Леопольд приехал, прослушал легкие, озабоченно покачал головой, измерил давление и сказал, что Антона нужно везти в больницу.

– Да что вы, – поморщился Антон. – Это же просто грипп…

– Не знаю. – Леопольд неодобрительно поджал губы. – Не нравится мне этот «просто грипп»! Кашель нехороший, и давление чересчур низкое. Как хотите, нужно в больницу! В домашних условиях я не могу взять на себя ответственность…

Он вызвал транспорт, Антона положили на носилки, потому что сам он не мог идти из-за слабости. Людмила хотела ехать с ним, но тут пришел брат, сказал, что это ни к чему, что он сам съездит в больницу и убедится, что Антона там хорошо устроили. Людмила знала: спорить с ним бесполезно, тем более она совершенно не умела что-либо организовывать, договариваться, не умела вовремя прикрикнуть. Нет, брат, несомненно, принесет больше пользы.

Больше Людмила не видела Антона.

Через час Леопольд позвонил ей и смущенным, растерянным голосом сообщил, что Антон умер.

– Мы делали все, что могли…

Людмила долго не могла понять, что он ей говорит, а когда поняла, то оцепенела, а потом разрыдалась.

– Ведь это был просто грипп… – проговорила она сквозь слезы, – вы же сами сказали… От гриппа не умирают…

– Ну да, ну да. – Леопольд бормотал что-то про непредвиденные осложнения и ослабленный организм.

Людмила долго плакала, до икоты и судорог, она смутно помнит, что приходил отец, потом появился Леопольд Давидович и сделал ей укол. Она тут же заснула, а утром Леопольд выписал успокоительные таблетки, от которых она находилась в полной прострации, ее ничего уже больше не волновало и не трогало. Она и в Сиам согласилась ехать, потому что было все равно.

И вот теперь появляется какая-то незнакомка и говорит, что знает о смерти Антона больше, чем она, его жена… его вдова…

Вернувшись домой, Людмила растерянно бродила по комнатам, хотела выпить кофе, чтобы прояснилось в голове, позвонила уже Анне Ивановне. Но тут же представила, как по квартире разносится кофейный аромат, и ее замутило.

– Мне чаю, и… у нас нет ли варенья покислее?

– Кизиловое есть… – после недоуменного молчания ответила Анна Ивановна, – сейчас принесу…

В ожидании чая Людмила ушла к себе, села за туалетный столик.
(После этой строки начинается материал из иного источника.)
(* Let $|p|<1$, $|P|<1$, let $n\ge0$ be an integer, and let $a,b,c,q,r$ and $A,B,C,Q,R$ be nonzero complex numbers such that all expressions below are well defined. Then \begin{align*} &\sum_{k=0}^n\frac{\theta(ar^kq^k,\,br^kq^{-k};p)}{\theta(a,b;p)}\,\frac{(a,b;r,p)_k\,(c,a/(bc);q,p)_k}{(q,aq/b;q,p)_k\,(ar/c,bcr;r,p)_k}\\ &\qquad\times\frac{(CR^{-n}/A,\,R^{-n}/(BC);R,P)_k\,(Q^{-n},\,BQ^{-n}/A;Q,P)_k}{(Q^{-n}/C,\,BCQ^{-n}/A;Q,P)_k\,(R^{-n}/A,\,R^{-n}/B;R,P)_k}\,q^k\\ &=\frac{(ar,br;r,p)_n\,(cq,aq/(bc);q,p)_n\,(Q,AQ/B;Q,P)_n\,(AR/C,BCR;R,P)_n}{(q,aq/b;q,p)_n\,(ar/c,bcr;r,p)_n\,(AR,BR;R,P)_n\,(CQ,AQ/(BC);Q,P)_n}\\ &\quad\times\sum_{k=0}^n\frac{\theta(AR^kQ^k,\,BR^kQ^{-k};P)}{\theta(A,B;P)}\,\frac{(A,B;R,P)_k\,(C,A/(BC);Q,P)_k}{(Q,AQ/B;Q,P)_k\,(AR/C,BCR;R,P)_k}\\ &\qquad\times\frac{(cr^{-n}/a,\,r^{-n}/(bc);r,p)_k\,(q^{-n},\,bq^{-n}/a;q,p)_k}{(q^{-n}/c,\,bcq^{-n}/a;q,p)_k\,(r^{-n}/a,\,r^{-n}/b;r,p)_k}\,Q^k. \end{align*}
   Context: For $|p|<1$ and $x\neq 0$, $\theta(x;p)=(x;p)_\infty(p/x;p)_\infty$ where $(x;p)_\infty=\prod_{k\ge 0}(1-xp^k)$, and $\theta(x_1,\dots,x_m;p)=\prod_{i=1}^m\theta(x_i;p)$. For $a\ne0$ and integer $k\ge0$, $(a;q,p)_k=\prod_{j=0}^{k-1}\theta(aq^j;p)$ (empty product $=1$), and $(a_1,\dots,a_m;q,p)_k=\prod_i(a_i;q,p)_k$. *)

From Stdlib Require Import Reals.
From Coquelicot Require Import Coquelicot.
Open Scope C_scope.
Машинально выдвинула ящик комода, достала зеркало – то самое, которое она привезла из Ангарска.

Из этого зеркала на нее смотрело незнакомое лицо.

Нет, разумеется, это была она – ее глаза, ее губы, ее волосы, – но в то же время все это было другим, не таким, как в большом трюмо испанского туалетного столика. Глаза были ярче, губы – решительнее, даже волосы лежали как-то свободнее.

– Ну, здравствуй! – сказала она этой новой, незнакомой себе. – И что же это значит?

– Здравствуй, – ответило ей отражение, – это значит, что ты начнешь новую жизнь. И для начала выяснишь, что знает та женщина, которая приходила к тебе в салоне.

Людмила вздрогнула, растерянно тряхнула головой: что с ней происходит? Она сходит с ума? Не хватало только разговаривать с собственным отражением!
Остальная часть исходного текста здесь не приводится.